Exercise aim » Lines below starting with the line with "mkC (Re z *" and going on through the line with "fold_right (fun v acc => Cadd" must be output exactly; the rest of the records must be left out.
━━━ Input data ━━━
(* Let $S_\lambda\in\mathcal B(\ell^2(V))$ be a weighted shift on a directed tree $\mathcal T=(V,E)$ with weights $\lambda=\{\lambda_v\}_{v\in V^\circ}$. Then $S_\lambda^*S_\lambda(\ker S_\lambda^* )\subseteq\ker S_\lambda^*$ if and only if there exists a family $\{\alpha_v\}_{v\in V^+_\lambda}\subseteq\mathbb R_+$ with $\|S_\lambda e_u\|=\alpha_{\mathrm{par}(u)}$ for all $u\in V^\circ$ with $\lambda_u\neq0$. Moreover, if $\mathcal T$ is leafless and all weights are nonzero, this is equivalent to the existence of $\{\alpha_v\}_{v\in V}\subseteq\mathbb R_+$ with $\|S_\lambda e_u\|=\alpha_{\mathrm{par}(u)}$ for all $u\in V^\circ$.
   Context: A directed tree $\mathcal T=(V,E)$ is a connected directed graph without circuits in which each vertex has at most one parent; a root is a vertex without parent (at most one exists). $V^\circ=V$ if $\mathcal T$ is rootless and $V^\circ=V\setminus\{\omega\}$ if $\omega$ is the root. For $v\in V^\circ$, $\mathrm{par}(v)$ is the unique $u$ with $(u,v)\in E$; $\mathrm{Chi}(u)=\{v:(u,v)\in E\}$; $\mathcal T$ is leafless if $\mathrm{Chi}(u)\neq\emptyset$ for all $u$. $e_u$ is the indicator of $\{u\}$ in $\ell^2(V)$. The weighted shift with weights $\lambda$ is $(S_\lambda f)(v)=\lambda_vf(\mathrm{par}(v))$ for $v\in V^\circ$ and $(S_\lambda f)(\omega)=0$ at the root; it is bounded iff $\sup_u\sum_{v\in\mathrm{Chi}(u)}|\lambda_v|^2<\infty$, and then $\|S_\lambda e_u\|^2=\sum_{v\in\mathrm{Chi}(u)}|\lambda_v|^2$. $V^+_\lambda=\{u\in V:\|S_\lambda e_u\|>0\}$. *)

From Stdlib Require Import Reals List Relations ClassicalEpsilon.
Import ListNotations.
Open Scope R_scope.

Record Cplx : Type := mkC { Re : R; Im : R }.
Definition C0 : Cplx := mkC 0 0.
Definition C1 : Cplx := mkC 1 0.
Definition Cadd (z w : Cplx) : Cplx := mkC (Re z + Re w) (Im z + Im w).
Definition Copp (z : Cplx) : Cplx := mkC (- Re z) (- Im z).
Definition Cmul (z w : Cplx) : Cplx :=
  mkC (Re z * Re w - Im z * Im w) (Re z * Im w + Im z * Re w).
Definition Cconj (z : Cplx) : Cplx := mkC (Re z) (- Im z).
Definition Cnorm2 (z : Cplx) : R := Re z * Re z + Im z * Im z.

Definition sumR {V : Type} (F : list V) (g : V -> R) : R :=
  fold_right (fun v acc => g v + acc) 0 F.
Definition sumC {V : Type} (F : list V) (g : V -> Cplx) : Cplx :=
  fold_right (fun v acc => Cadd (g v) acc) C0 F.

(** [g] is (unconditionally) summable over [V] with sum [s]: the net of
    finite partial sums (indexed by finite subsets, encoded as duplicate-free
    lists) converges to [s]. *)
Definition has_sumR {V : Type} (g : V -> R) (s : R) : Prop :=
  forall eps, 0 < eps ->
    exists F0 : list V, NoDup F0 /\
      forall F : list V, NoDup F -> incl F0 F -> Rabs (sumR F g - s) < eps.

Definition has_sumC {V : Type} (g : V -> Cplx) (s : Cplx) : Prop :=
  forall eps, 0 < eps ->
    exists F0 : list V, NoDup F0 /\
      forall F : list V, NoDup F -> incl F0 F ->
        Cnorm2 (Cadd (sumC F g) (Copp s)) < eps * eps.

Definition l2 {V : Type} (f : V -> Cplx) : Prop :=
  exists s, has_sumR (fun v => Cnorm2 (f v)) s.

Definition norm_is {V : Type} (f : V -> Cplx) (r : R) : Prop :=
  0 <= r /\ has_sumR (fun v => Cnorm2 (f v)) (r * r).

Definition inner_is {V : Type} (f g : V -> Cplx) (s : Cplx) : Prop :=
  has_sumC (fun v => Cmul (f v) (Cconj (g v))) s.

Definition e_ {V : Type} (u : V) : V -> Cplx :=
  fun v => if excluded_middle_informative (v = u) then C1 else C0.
━━━
Response for this exercise »
  mkC (Re z * Re w - Im z * Im w) (Re z * Im w + Im z * Re w).
Definition Cconj (z : Cplx) : Cplx := mkC (Re z) (- Im z).
Definition Cnorm2 (z : Cplx) : R := Re z * Re z + Im z * Im z.

Definition sumR {V : Type} (F : list V) (g : V -> R) : R :=
  fold_right (fun v acc => g v + acc) 0 F.
Definition sumC {V : Type} (F : list V) (g : V -> Cplx) : Cplx :=
  fold_right (fun v acc => Cadd (g v) acc) C0 F.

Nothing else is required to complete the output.